Страсти революции. Эмоциональная стихия 1917 года - Булдаков Владимир. Страница 57

Ленин вовсе не был обычным циником; в данном случае он был обезоруживающе искренен. Революция, эта, по словам Троцкого, «великая пожирательница людей и характеров», активизирует и самое дерзновенное, и самое жалкое в человеческой натуре. Революционер призван сломить во имя разрушения все, что мешает движению вперед. Осенью 1917 года большевизм уверенно черпал силы из источника, который предписывала не марксистская теория, а скорее М. А. Бакунин. Для этого требовались особые таланты: прежде всего, доходящая до слепоты вера в осуществимость своих идеалов, для чего следовало «слиться с массой». Этим были отмечены еще лидеры Французской революции, этим же стал силен большевизм.

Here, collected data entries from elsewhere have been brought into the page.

Theorem mainTheorem13 (R : realType) (A : finType) (d : measure_display)
  (X : measurableType d)
  (alpha : X -> probability (LX A X) R)
  (alpha_meas : measurable_fun [set: X]
     (fun x => (alpha x : subprobability (LX A X) R) : giry (LX A X) R))
  (sem : giry X R -> giry (Ainf A) R)
  (sem_meas : measurable_fun [set: giry X R] sem)
  (* Pi o sem = F sem o alpha#, first component *)
  (sem_1 : forall m : giry X R,
     sem m [set: Ainf A] = \int[m]_y alpha y [set: LX A X])
  (* second component *)
  (sem_star : forall m : giry X R,
     sem m [set eps] = \int[m]_y alpha y [set None])
  (* third component: (sem m)_a = sem (tau_a m) *)
  (sem_a : forall (a : A) (m m' : giry X R),
     (forall S : set X, measurable S -> m' S = \int[m]_y t_ alpha a y S) ->
     forall S : set (Ainf A), measurable S -> sem m (wcons a @` S) = sem m' S)
  (tr : X -> probability (Ainf A) R)
  (tr_1 : forall x, tr x [set: Ainf A] = alpha x [set: LX A X])
  (tr_star : forall x, tr x [set eps] = alpha x [set None])
  (tr_cyl : forall (x : X) (a : A) (w : seq A),
     tr x (cyl (a :: w)) = \int[t_ alpha a x]_y tr y (cyl w))
  (tr_sing : forall (x : X) (a : A) (w : seq A),
     tr x [set Fin (a :: w)] = \int[t_ alpha a x]_y tr y [set Fin w]) :
  forall (x : X) (S : set (Ainf A)), measurable S ->
    sem (giry_ret x : giry X R) S = tr x S.
Proof.
have tr_ge0 (E : seq A -> set (Ainf A)) w y : 0 <= tr y (E w).
  exact: measure_ge0.
have sem_ret_cyl w x : sem (giry_ret x) (cyl w) = tr x (cyl w).
  apply: (sem_ret_E alpha_meas (tr_ge0 cyl) _ _ sem_a
    (@measurable_cyl A) (@cyl_cons A)).
  - by rewrite cyl_nil (funext tr_1); exact: measurable_alpha_ev.
  - by move=> a v y; exact: tr_cyl.
  - by move=> m; rewrite cyl_nil sem_1; apply: eq_integral => y _; rewrite tr_1.
have sem_ret_Fin w x : sem (giry_ret x) [set Fin w] = tr x [set Fin w].
  apply: (sem_ret_E alpha_meas (tr_ge0 (fun w => [set Fin w])) _ _ sem_a
    (@measurable_Fin A) (@Fin_cons A)).
  - rewrite (funext tr_star).
    exact: (measurable_alpha_ev alpha_meas (@measurable_None A d X)).
  - by move=> a v y; exact: tr_sing.
  - by move=> m; rewrite sem_star; apply: eq_integral => y _; rewrite tr_star.
move=> x S mS.
apply: (measure_unique (@Ainf_gen A) (fun=> cyl [::])) => //.
- exact: setI_closed_Ainf_gen.
- by move=> _; right; right; exists [::].
- by apply/seteqP; split => // u _; exists 0%N => //; rewrite cyl_nil.
- move=> _ [->|[[w ->]|[w ->]]]; first by rewrite !measure0.
    exact: sem_ret_Fin.
  exact: sem_ret_cyl.
- by move=> _; rewrite cyl_nil (le_lt_trans sprobability_setT) ?ltry.
Qed.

Некоторых Ленин разочаровывал. Вот каким увидел его бывший эсер-максималист:

Это очень невзрачная фигурка, небольшой, хотя и коренастый человечек, лысый, с мелкими чертами лица, маленькими глазками – тип умного интеллигентного ремесленника… Самое разочаровывающее… то, что нет… ничего вдохновенного и вдохновляющего, трудно назвать его даже фанатиком. …Перед нами очень трезвый человек, рассудочный политик, хладнокровно взвешивающий все доводы за и против. Конечно, его увлекает страстная ненависть к капиталистам… И в анализе его почти все верно, но до невероятности все упрощено и схематично.

Но именно последнее требовалось полукрестьянской толпе. По мнению этого очевидца, Ленин не давал ответа на вопрос, «что делать именно сейчас», а потому на него отвечала сама масса в том «упрощенном виде, который приводит в ужас даже Ленина». При этом А. Н. Потресов, правый социал-демократ, некогда соратник Ленина, отмечал, что тот обладал своего рода гипнотическим воздействием на людей, умением подчинять их. Потресов связывал это с тем, что Ленин представлял собой «редкостное явление человека железной воли, неукротимой энергии, сливающего фанатичную веру в движение… с не меньшей верой в себя». Но возникает вопрос: как же ему удавалось такое воздействие? Оратором Ленин был плохим, однако некоторые находили, что он «больше, чем оратор», ибо «умел ощущать аудиторию, умел возвышаться над ней», зная, что «толпа любит поработиться». Такие представления были отголосками хорошо известных в России представлений то ли из Э. Ренана, то ли из Ф. Ницше, то ли из Г. Лебона. Правда, из всех большевистских ораторов больше всего Лебоном увлекался А. В. Луначарский, который уверял, что знает, как в ходе получасового выступления можно перевернуть сознание рабочих.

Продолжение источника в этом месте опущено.